Unicode: The brontosaurus emoji

« previous post | next post »

Today's xkcd:

Mouseover title: "I'm excited about the proposal to add a 'brontosaurus' emoji codepoint because it has the potential to bring together a half-dozen different groups of pedantic people into a single glorious internet argument."

At least things have gotten better, now that browsers and text editors and terminal emulators have sort of started to more or less implement the Unicode standard. Some dispatches from the bad (or anyhow worse) old days:

"Strange scrambling alphabets", 12/14/2003
"Them old diacritical blues again", 3/21/2004
"Convenience for the wealthy, virtue for the poor", 3/31/2004
"Agbègbè ìpàkíyèsí", 12/15/2008
"It's worse than you thought", 11/21/2012

And an antique unicode-related xkcd:

Mouseover title: "U+FDD0 is actually Unicode for the eye of the basilisk, though for safety reasons no font actually renders it."

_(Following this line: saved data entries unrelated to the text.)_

Lemma toC_K1 k : toC k (K1 k) = mkCplx 1 0.
Proof. destruct k; reflexivity. Qed.

Definition norm2 (x y : R) : R := sqrt (x * x + y * y).

Lemma norm2_ge0 x y : 0 <= norm2 x y.
Proof. apply sqrt_pos. Qed.

Lemma norm2_sq x y : norm2 x y * norm2 x y = x * x + y * y.
Proof. apply sqrt_sqrt. nra. Qed.

Lemma Rle_of_sq a b : 0 <= b -> a * a <= b * b -> a <= b.
Proof. intros Hb H. destruct (Rle_or_lt a b) as [|Hl]; auto. nra. Qed.

Lemma norm2_le x y s : 0 <= s -> x * x + y * y <= s * s -> norm2 x y <= s.
Proof.
intros Hs H. rewrite <- (sqrt_square s Hs). apply sqrt_le_1_alt. exact H.
Qed.

Lemma norm2_dot_le x1 y1 x2 y2 : x1 * x2 + y1 * y2 <= norm2 x1 y1 * norm2 x2 y2.
Proof.
pose proof (norm2_sq x1 y1). pose proof (norm2_sq x2 y2).
pose proof (norm2_ge0 x1 y1). pose proof (norm2_ge0 x2 y2).
apply Rle_of_sq; [nra|].
replace (norm2 x1 y1 * norm2 x2 y2 * (norm2 x1 y1 * norm2 x2 y2)) with
  ((norm2 x1 y1 * norm2 x1 y1) * (norm2 x2 y2 * norm2 x2 y2)) by ring.
pose proof (Rle_0_sqr (x1 * y2 - y1 * x2)). unfold Rsqr in *. nra.
Qed.

Lemma norm2_triangle x1 y1 x2 y2 : norm2 (x1 + x2) (y1 + y2) <= norm2 x1 y1 + norm2 x2 y2.
Proof.
pose proof (norm2_dot_le x1 y1 x2 y2).
pose proof (norm2_sq x1 y1). pose proof (norm2_sq x2 y2).
pose proof (norm2_ge0 x1 y1). pose proof (norm2_ge0 x2 y2).
apply norm2_le; nra.
Qed.

Lemma norm2_ge_fst x y : x <= norm2 x y.
Proof. pose proof (norm2_sq x y). pose proof (norm2_ge0 x y). apply Rle_of_sq; nra. Qed.

Lemma norm2_ge_abs_fst x y : Rabs x <= norm2 x y.
Proof.
pose proof (norm2_sq x y). pose proof (norm2_ge0 x y).
apply Rle_of_sq; auto. rewrite <- Rabs_mult, Rabs_right by nra. nra.
Qed.

Lemma norm2_mul x1 y1 x2 y2 :
  norm2 (x1 * x2 - y1 * y2) (x1 * y2 + y1 * x2) = norm2 x1 y1 * norm2 x2 y2.
Proof. unfold norm2. rewrite <- sqrt_mult by nra. f_equal. ring. Qed.

Lemma Kabs_norm2 k a : Kabs k a = norm2 (Kre k a) (Kim k a).
Proof.
destruct k; [|reflexivity]. unfold Kre, Kim, norm2; simpl.
replace (a * a + 0 * 0) with (Rsqr a) by (unfold Rsqr; ring).
rewrite sqrt_Rsqr_abs. reflexivity.
Qed.

Lemma Kmul_comm k a b : Kmul k a b = Kmul k b a.
Proof. apply toC_inj. rewrite !toC_mul. apply Cplx_ext; simpl; ring. Qed.

Lemma Kmul_assoc k a b c : Kmul k a (Kmul k b c) = Kmul k (Kmul k a b) c.
Proof. apply toC_inj. rewrite !toC_mul. apply Cplx_ext; simpl; ring. Qed.

Lemma Kmul_addr k a b c : Kmul k a (Kadd k b c) = Kadd k (Kmul k a b) (Kmul k a c).
Proof. apply toC_inj. rewrite toC_mul, !toC_add, !toC_mul. apply Cplx_ext; simpl; ring. Qed.

Lemma KofR_add k r s : Kadd k (KofR k r) (KofR k s) = KofR k (r + s).
Proof. apply toC_inj. rewrite toC_add, !toC_KofR. apply Cplx_ext; simpl; ring. Qed.

Lemma KofR_mul k r s : Kmul k (KofR k r) (KofR k s) = KofR k (r * s).
Proof. apply toC_inj. rewrite toC_mul, !toC_KofR. apply Cplx_ext; simpl; ring. Qed.

Lemma KofR_1 k : KofR k 1 = K1 k.
Proof. apply toC_inj. rewrite toC_KofR, toC_K1. reflexivity. Qed.

Lemma Kre_add k a b : Kre k (Kadd k a b) = Kre k a + Kre k b.
Proof. unfold Kre. rewrite toC_add. reflexivity. Qed.

Lemma Kim_add k a b : Kim k (Kadd k a b) = Kim k a + Kim k b.
Proof. unfold Kim. rewrite toC_add. reflexivity. Qed.

Lemma Kre_mulR k r a : Kre k (Kmul k (KofR k r) a) = r * Kre k a.
Proof. unfold Kre. rewrite toC_mul, toC_KofR. simpl. ring. Qed.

  1. Daniel Barkalow said,

    August 29, 2016 @ 2:38 pm

    I want to see a text layout engine that adjusts the direction of side-view emoji based on the LTR characters, so we can argue about whether brontosauruses face towards the start or end of the line of text.

  2. leoboiko said,

    August 29, 2016 @ 3:31 pm

    At least things have gotten better, now that browsers and text editors and terminal emulators have sort of started to more or less implement the Unicode standard.

    Not included: Languagelog's blogging system (WordPress), which will silently eat non-BMP Unicode characters (after happily displaying them on the comment preview) (tip for Languagelog commenters: go back to the 90s and type '&#x' + Unicode hexadecimal code point + ';'.)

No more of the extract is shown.